Question

Consider a system of the following two partial differential equations :
$\frac{∂\alpha}{∂x}=-2\frac{∂\beta}{∂t}$
$\frac{∂\beta}{∂x}=-2\frac{∂\alpha}{∂t}$
Which one of the following choices is a possible solution for the system ?

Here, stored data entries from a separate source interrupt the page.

(* Let $\mathcal{R}$ be a commutative ring with unity, $P$ a locally finite poset in which every maximal chain has at least three elements, and $b$ an additive biderivation of $I(P,\mathcal{R})$. For $x\in P$: (1) if $x$ is a minimal element of $P$, then $b(e_{xx},e_{xx})=\sum_{x<y,\ y\text{ maximal in }P}b_{xy}(e_{xx},e_{xx})\,e_{xy}$; (2) if $x$ is a maximal element of $P$, then $b(e_{xx},e_{xx})=\sum_{y<x,\ y\text{ minimal in }P}b_{yx}(e_{xx},e_{xx})\,e_{yx}$; (3) if $x$ is neither minimal nor maximal, then $b(e_{xx},e_{xx})=0$.
   Context: $I(P,\mathcal{R})$ is the incidence algebra: functions $f:P\times P\to\mathcal{R}$ with $f(x,y)=0$ unless $x\le y$, with product $(fg)(x,y)=\sum_{x\le z\le y}f(x,z)g(z,y)$; $e_{xy}$ ($x\le y$) is the function equal to $1$ at $(x,y)$ and $0$ elsewhere. An additive biderivation is a map $b$ of two arguments, additive in each, with $b(\alpha\beta,\gamma)=\alpha b(\beta,\gamma)+b(\alpha,\gamma)\beta$ and $b(\alpha,\beta\gamma)=\beta b(\alpha,\gamma)+b(\alpha,\beta)\gamma$. Write $b_{pq}(\alpha,\beta)=b(\alpha,\beta)(p,q)$. A maximal chain is a totally ordered subset to which no element of $P$ can be added keeping it totally ordered. $x$ is minimal (maximal) if no $y$ satisfies $y<x$ ($x<y$). *)

From HB Require Import structures.
From mathcomp Require Import all_boot all_order all_algebra.
From Stdlib Require Import ClassicalEpsilon.
Set Implicit Arguments. Unset Strict Implicit. Unset Printing Implicit Defensive.
Import Order.Theory GRing.Theory.

Section Incidence.
Context {d : Order.disp_t} (T : porderType d) (R : pzRingType).

(* Local finiteness: an enumeration of every interval [x,y]. *)
Definition interval_enum (itv : T -> T -> seq T) : Prop :=
  forall x y, uniq (itv x y) /\ (forall z, (z \in itv x y) = (x <= z <= y)%O).

Record incidence := Incidence {
  inc_fun :> T -> T -> R;
  inc_supp : forall x y, ~~ (x <= y)%O -> inc_fun x y = 0%R }.

Lemma inc_add_supp (f g : incidence) x y :
  ~~ (x <= y)%O -> (f x y + g x y = 0)%R.
Proof. by move=> h; rewrite !inc_supp // addr0. Qed.
Definition inc_add (f g : incidence) : incidence :=
  Incidence (@inc_add_supp f g).

Lemma inc_mul_supp (itv : T -> T -> seq T) (f g : incidence) x y :
  ~~ (x <= y)%O ->
  (if (x <= y)%O then \sum_(z <- itv x y) f x z * g z y else 0)%R = 0%R.
Proof. by move=> /negbTE ->. Qed.
Definition inc_mul (itv : T -> T -> seq T) (f g : incidence) : incidence :=
  Incidence (@inc_mul_supp itv f g).

Lemma inc_e_supp (a b : T) x y :
  ~~ (x <= y)%O -> (if [&& x == a, y == b & (x <= y)%O] then 1 else 0 : R)%R = 0%R.
Proof. by move=> /negbTE ->; rewrite !andbF. Qed.
(* e_{ab} (meaningful for a <= b): 1 at (a,b), 0 elsewhere. *)
Definition inc_e (a b : T) : incidence := Incidence (@inc_e_supp a b).

Definition biderivation (itv : T -> T -> seq T)
  (b : incidence -> incidence -> incidence) : Prop :=
  [/\ (forall a1 a2 c, b (inc_add a1 a2) c = inc_add (b a1 c) (b a2 c)),
      (forall a c1 c2, b a (inc_add c1 c2) = inc_add (b a c1) (b a c2)),
      (forall a be ga, b (inc_mul itv a be) ga =
          inc_add (inc_mul itv a (b be ga)) (inc_mul itv (b a ga) be)) &
      (forall a be ga, b a (inc_mul itv be ga) =
          inc_add (inc_mul itv be (b a ga)) (inc_mul itv (b a be) ga))].

Definition is_chain (C : T -> Prop) : Prop :=
  forall x y, C x -> C y -> (x <= y)%O \/ (y <= x)%O.
Definition maximal_chain (C : T -> Prop) : Prop :=
  is_chain C /\ forall z, ~ C z -> ~ is_chain (fun w => C w \/ w = z).
Definition chains_ge3 : Prop :=
  forall C, maximal_chain C ->
    exists x y z, [/\ C x, C y, C z & [/\ x <> y, y <> z & x <> z]].

Definition minimal_elt (x : T) : Prop := forall y, ~ (y < x)%O.
Definition maximal_elt (x : T) : Prop := forall y, ~ (x < y)%O.

(* The (pointwise, possibly infinite) sum  Σ_{(p,q) ∈ S, p <= q} c(p,q) e_{pq}
   as a function P x P -> R; it is well defined since the e_{pq} have
   pairwise disjoint supports. *)
Definition sum_e (S : T -> T -> Prop) (c : T -> T -> R) : T -> T -> R :=
  fun p q => if excluded_middle_informative (S p q /\ (p <= q)%O)
             then c p q else 0%R.

End Incidence.

From HB Require Import structures.
From mathcomp Require Import all_boot all_order all_algebra.
From Stdlib Require Import ProofIrrelevance FunctionalExtensionality ClassicalEpsilon.
Set Implicit Arguments. Unset Strict Implicit. Unset Printing Implicit Defensive.
Import Order.Theory GRing.Theory.
Local Open Scope ring_scope.

(* Write B = b(e_xx, e_xx).  Since e_xx = e_xx e_xx, the Leibniz rule gives
   B = e_xx B + B e_xx, so B lives on row x and column x and B(x,x) = 0.
   Expanding b(e_xx e_qr, e_xx e_rr) by the two Leibniz rules in either order
   and comparing (p,r) entries leaves B(p,q) = 0 whenever q < r; dually,
   B(p,q) = 0 whenever s < p.  So B(p,q) <> 0 forces p minimal, q maximal and
   p = x or q = x. *)

Lemma sum_if_eq_seq (T : eqType) (R : nmodType) (s : seq T) (c : T) (F : T -> R) :
  uniq s -> \sum_(z <- s) (if z == c then F z else 0) = if c \in s then F c else 0.
Proof.
move=> us; rewrite -big_mkcond -big_filter; case: ifP => cs.
  by rewrite filter_pred1_uniq // big_seq1.
by rewrite big1_seq // => z; rewrite mem_filter => /and3P[_ /eqP -> ]; rewrite cs.
Qed.

Section IncidenceAlgebra.
Context {d : Order.disp_t} (T : porderType d) (R : pzRingType).

Lemma inc_addE (f g : incidence T R) p q : inc_add f g p q = f p q + g p q.
Proof. by []. Qed.

Lemma inc_ext (f g : incidence T R) : (forall p q, f p q = g p q) -> f = g.
Proof.
case: f g => f hf [g hg] /= efg.
have {efg} efg : f = g.
  by apply: functional_extensionality => p; apply: functional_extensionality.
by subst g; f_equal; apply: proof_irrelevance.
Qed.

Lemma eq_sum_e (S : T -> T -> Prop) (f : incidence T R) :
  (forall p q, f p q != 0 -> S p q) -> inc_fun f = sum_e S f.
Proof.
move=> fS; apply: functional_extensionality => p; apply: functional_extensionality => q.
rewrite /sum_e; case: excluded_middle_informative => // nS.
case: (eqVneq (f p q) 0) => // /[dup] nz /fS Spq; case: nS; split => //.
by apply: contraNT nz => /inc_supp ->.
Qed.

Variables (itv : T -> T -> seq T) (hitv : interval_enum itv).

Lemma inc_mul_eL (a c : T) (f : incidence T R) p q :
  inc_mul itv (inc_e R a c) f p q = if (p == a) && (a <= c)%O then f c q else 0.
Proof.
rewrite /inc_mul /=; case: (eqVneq p a) => [->|pa] /=; last first.
  by case: ifP => // _; rewrite big1 // => z _; rewrite mul0r.
case: ifP => aq; last first.
  case: ifP => // ac; rewrite inc_supp //; apply: contraFN aq; exact: le_trans.
rewrite (eq_bigr (fun z => if z == c then (if (a <= c)%O then f z q else 0) else 0)).
  have [uniq_itv mem_itv] := hitv a q; rewrite sum_if_eq_seq // mem_itv.
  by case ac: (a <= c)%O => //=; case: ifP => // cq; rewrite inc_supp // cq.
move=> z _; case: (eqVneq z c) => [->|_] /=; last by rewrite mul0r.
by case: ifP; rewrite ?mul1r ?mul0r.
Qed.

Lemma inc_mul_eR (a c : T) (f : incidence T R) p q :
  inc_mul itv f (inc_e R a c) p q = if (q == c) && (a <= c)%O then f p a else 0.
Proof.
rewrite /inc_mul /=; case: (eqVneq q c) => [->|qc] /=; last first.
  by case: ifP => // _; rewrite big1 // => z _; rewrite andbF mulr0.
case: ifP => pc; last first.
  case: ifP => // ac; rewrite inc_supp //; apply: contraFN pc => /le_trans; exact.
rewrite (eq_bigr (fun z => if z == a then (if (a <= c)%O then f p z else 0) else 0)).
  have [uniq_itv mem_itv] := hitv p c; rewrite sum_if_eq_seq // mem_itv.
  by case ac: (a <= c)%O; rewrite ?andbF ?andbT //; case: ifP => // pa; rewrite inc_supp // pa.
move=> z _; case: (eqVneq z a) => [->|_] /=; last by rewrite mulr0.
by case: ifP; rewrite ?mulr1 ?mulr0.
Qed.

Lemma inc_mul_e_idem a : inc_mul itv (inc_e R a a) (inc_e R a a) = inc_e R a a.
Proof.
apply: inc_ext => p q; rewrite inc_mul_eL lexx andbT /=.
by case: (eqVneq p a) => [->|] /=; rewrite ?eqxx.
Qed.
End IncidenceAlgebra.

Section BiderivationOnIdempotent.
Context {d : Order.disp_t} (T : porderType d) (R : pzRingType)
  (itv : T -> T -> seq T) (hitv : interval_enum itv)
  (b : incidence T R -> incidence T R -> incidence T R)
  (hb : biderivation itv b) (x : T).

Local Notation e := (inc_e R x x).
Local Notation bxx := (b e e).

Lemma bxx_eq0_nonmax_col p q r : (q < r)%O -> bxx p q = 0.
Proof.
move=> qr; have [_ _ bML bMR] := hb.
set u := inc_e R q r; set v := inc_e R r r.
have := bML e u (inc_mul itv e v).
rewrite (bMR u e v) (bMR e e v) (bMR (inc_mul itv e u) e v) (bML e u v) (bML e u e).
move=> /(congr1 (fun f => inc_fun f p r)).
rewrite !inc_addE !(inc_mul_eL hitv) !(inc_mul_eR hitv) !inc_addE.
rewrite !(inc_mul_eL hitv) !(inc_mul_eR hitv).
rewrite !eqxx !lexx (ltW qr) (lt_eqF qr) /= !addr0 andbT.
case: (p == x); last by rewrite !add0r.
by rewrite addrACA -[X in _ = _ + X]addr0 => /addrI/addrI.
Qed.

Lemma bxx_eq0_nonmin_row s p q : (s < p)%O -> bxx p q = 0.
Proof.
move=> sp; have [_ _ bML bMR] := hb.
set u := inc_e R s p; set v := inc_e R s s.
have := bML u e (inc_mul itv v e).
rewrite (bMR e v e) (bMR u v e) (bMR (inc_mul itv u e) v e) (bML u e e) (bML u e v).
move=> /(congr1 (fun f => inc_fun f s q)).
rewrite !inc_addE !(inc_mul_eL hitv) !(inc_mul_eR hitv) !inc_addE.
rewrite !(inc_mul_eL hitv) !(inc_mul_eR hitv).
rewrite !eqxx !lexx (ltW sp) (gt_eqF sp) /= add0r andbT.
case: (q == x); last by rewrite !addr0.
by rewrite addrACA -[X in _ = X + _]add0r => /addIr/addIr.
Qed.

Lemma bxx_decomp p q :
  bxx p q = (if p == x then bxx x q else 0) + (if q == x then bxx p x else 0).
Proof.
have [_ _ bML _] := hb.
move: (bML e e e) => /(congr1 (fun f => inc_fun f p q)).
by rewrite inc_mul_e_idem // inc_addE inc_mul_eL // inc_mul_eR // lexx !andbT.
Qed.

Lemma bxx_diag : bxx x x = 0.
Proof. by apply: (@addIr _ (bxx x x)); rewrite add0r [RHS]bxx_decomp eqxx. Qed.

Lemma bxx_neq0 p q : bxx p q != 0 ->
  [/\ minimal_elt p, maximal_elt q &
      (p = x /\ (x < q)%O) \/ (q = x /\ (p < x)%O)].
Proof.
move=> nz; split.
- by move=> s sp; rewrite (bxx_eq0_nonmin_row q sp) eqxx in nz.
- by move=> r qr; rewrite (bxx_eq0_nonmax_col p qr) eqxx in nz.
have pq : (p <= q)%O by apply: contraNT nz => /inc_supp ->.
case: (eqVneq p x) => [ep|px]; case: (eqVneq q x) => [eq|qx].
- by rewrite ep eq bxx_diag eqxx in nz.
- by left; rewrite lt_def qx -ep.
- by right; rewrite lt_def eq_sym px -eq.
- by rewrite bxx_decomp (negbTE px) (negbTE qx) addr0 eqxx in nz.
Qed.
End BiderivationOnIdempotent.

Theorem mainTheorem11 {d : Order.disp_t} (T : porderType d) (R : comPzRingType)
  (itv : T -> T -> seq T) (hitv : interval_enum itv)
  (hch : chains_ge3 T)
  (b : incidence T R -> incidence T R -> incidence T R)
  (hb : biderivation itv b) (x : T) :
  let bxx := b (@inc_e _ T R x x) (@inc_e _ T R x x) in
  [/\ minimal_elt x ->
        inc_fun bxx = sum_e (fun p q => p = x /\ (x < q)%O /\ maximal_elt q)
                            (fun p q => inc_fun bxx p q),
      maximal_elt x ->
        inc_fun bxx = sum_e (fun p q => q = x /\ (p < x)%O /\ minimal_elt p)
                            (fun p q => inc_fun bxx p q) &
      ~ minimal_elt x -> ~ maximal_elt x ->
        inc_fun bxx = (fun _ _ => 0%R)].
Proof.
move=> bxx; have supp_bxx := bxx_neq0 hitv hb (x := x).
split.
- move=> min_x; apply: eq_sum_e => p q /supp_bxx[_ max_q [[-> xq] | [_ px]]] //.
  by case: (min_x p).
- move=> max_x; apply: eq_sum_e => p q /supp_bxx[min_p _ [[_ xq] | [-> px]]] //.
  by case: (max_x q).
- move=> not_min not_max.
  apply: functional_extensionality => p; apply: functional_extensionality => q.
  case: (eqVneq (bxx p q) 0) => // /supp_bxx[min_p max_q [[ep _] | [eq _]]].
  + by case: not_min; rewrite -ep.
  + by case: not_max; rewrite -eq.
Qed.
Lemma occurs_at_shift x (m : int) :
  occurs_at (fun t => x (t + m)) = fun i => occurs_at x (i + m).
Proof. by apply/funext => i; apply: eq_forallb => j; rewrite addrAC. Qed.

Lemma occurs_at_local x y i : {in window i k, x =1 y} -> occurs_at x i = occurs_at y i.
Proof.
move=> exy; apply: eq_forallb => j; rewrite exy //.
by apply: map_f; rewrite mem_iota /=.
Qed.

Lemma occurs_at_window x y i (n : nat) : {in window i (n + k), x =1 y} ->
  forall l : nat, (l < n)%N -> occurs_at x (i + l%:Z) = occurs_at y (i + l%:Z).
Proof.
move=> exy l ln; apply: occurs_at_local => t /mapP[j]; rewrite mem_iota => /andP[_ jk] ->.
by rewrite -addrA -PoszD; apply/exy/map_f; rewrite mem_iota; lia.
Qed.

Lemma determined_occurs_at i : determined_by (window i k) [set x | occurs_at x i].
Proof. by move=> x y /occurs_at_local /= ->. Qed.

Lemma determined_window_count i n (Q : nat -> Prop) :
  determined_by (window i (n + k)) [set x | Q (window_count (occurs_at x) i n)].
Proof. by move=> x y exy /=; rewrite (eq_window_count (occurs_at_window exy)). Qed.

Lemma determined_sparse_start i N c (Q : bool -> Prop) :
  determined_by (window i (N + k)) [set x | Q (sparse_start (occurs_at x) N c i)].
Proof. by move=> x y exy /=; rewrite (eq_sparse_start c (occurs_at_window exy)). Qed.

Lemma path_measurable_infrequent c :
  path_measurable [set x | infrequent (occurs_at x) c].
Proof.
have -> : [set x | infrequent (occurs_at x) c] = \bigcup_j \bigcap_N \bigcup_n
    [set x | (N <= n)%N /\ (c * window_count (occurs_at x) j n < n)%N].
  apply/seteqP; split=> x.
    by case=> j jP; exists j => // N _; have [n] := jP N; exists n.
  by case=> j _ jP; exists j => N; have [n _ []] := jP N I; exists n.
apply: path_measurable_bigcup_int => j; apply: path_measurable_bigcap => N.
apply: (@sigma_algebra_bigcup _ setT) => n.
apply: path_measurable_determined.
exact: (@determined_window_count j n (fun v => (N <= n)%N /\ (c * v < n)%N)).
Qed.

Lemma shift_infrequent c :
  @Defs.shift A @^-1` [set x | infrequent (occurs_at x) c] =
  [set x | infrequent (occurs_at x) c].
Proof.
by apply/seteqP; split=> x; rewrite /= /Defs.shift occurs_at_shift infrequent_shift.
Qed.

End Occurrences.

Lemma indic_bool (T : Type) (R : realType) (Q : T -> bool) w :
  \1_[set w | Q w] w = (Q w)%:R :> R.
Proof.
rewrite indicE; case: (boolP (Q w)) => Qw; first by rewrite mem_set.
by rewrite memNset //=; apply/negP.
Qed.

Lemma sum_indic_window_count (T : Type) (R : realType) (F : T -> int -> bool) M w :
  \sum_(i < M) \1_[set w | F w i%:Z] w = (window_count (F w) 0 M)%:R :> R.
Proof. by rewrite natr_sum; apply: eq_bigr => i _; rewrite indic_bool add0r. Qed.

• A. α(t, x) = (x - t)2 + (x + t)2 and β(t, x) = (x - t)2 - (x + t)2.
• B. α(t, x) = (x - 2t)2 + (x +2t)2 and β(t, x) = (x - 2t)2 - (x + 2t)2.
• C. $\alpha(t,x)=(x-\frac{t}{2})^2+(x+\frac{t}{2})^2\ \text{and}\ \beta(t,x)=(x-\frac{t}{2})^2-(x+\frac{t}{2})^2$
• D. $\alpha(t,x)=(x-\frac{t}{2})^2+2(x+\frac{t}{2})^2\ \text{and}\ \beta(t,x)=2(x-\frac{t}{2})^2-(x+\frac{t}{2})^2$

Answer 1

Answer: (C)

$\alpha(t,x)=(x-\frac{t}{2})^2+(x+\frac{t}{2})^2\ \text{and}\ \beta(t,x)=(x-\frac{t}{2})^2-(x+\frac{t}{2})^2$

Answer 2

The correct option is (C) : $\alpha(t,x)=(x-\frac{t}{2})^2+(x+\frac{t}{2})^2\ \text{and}\ \beta(t,x)=(x-\frac{t}{2})^2-(x+\frac{t}{2})^2$.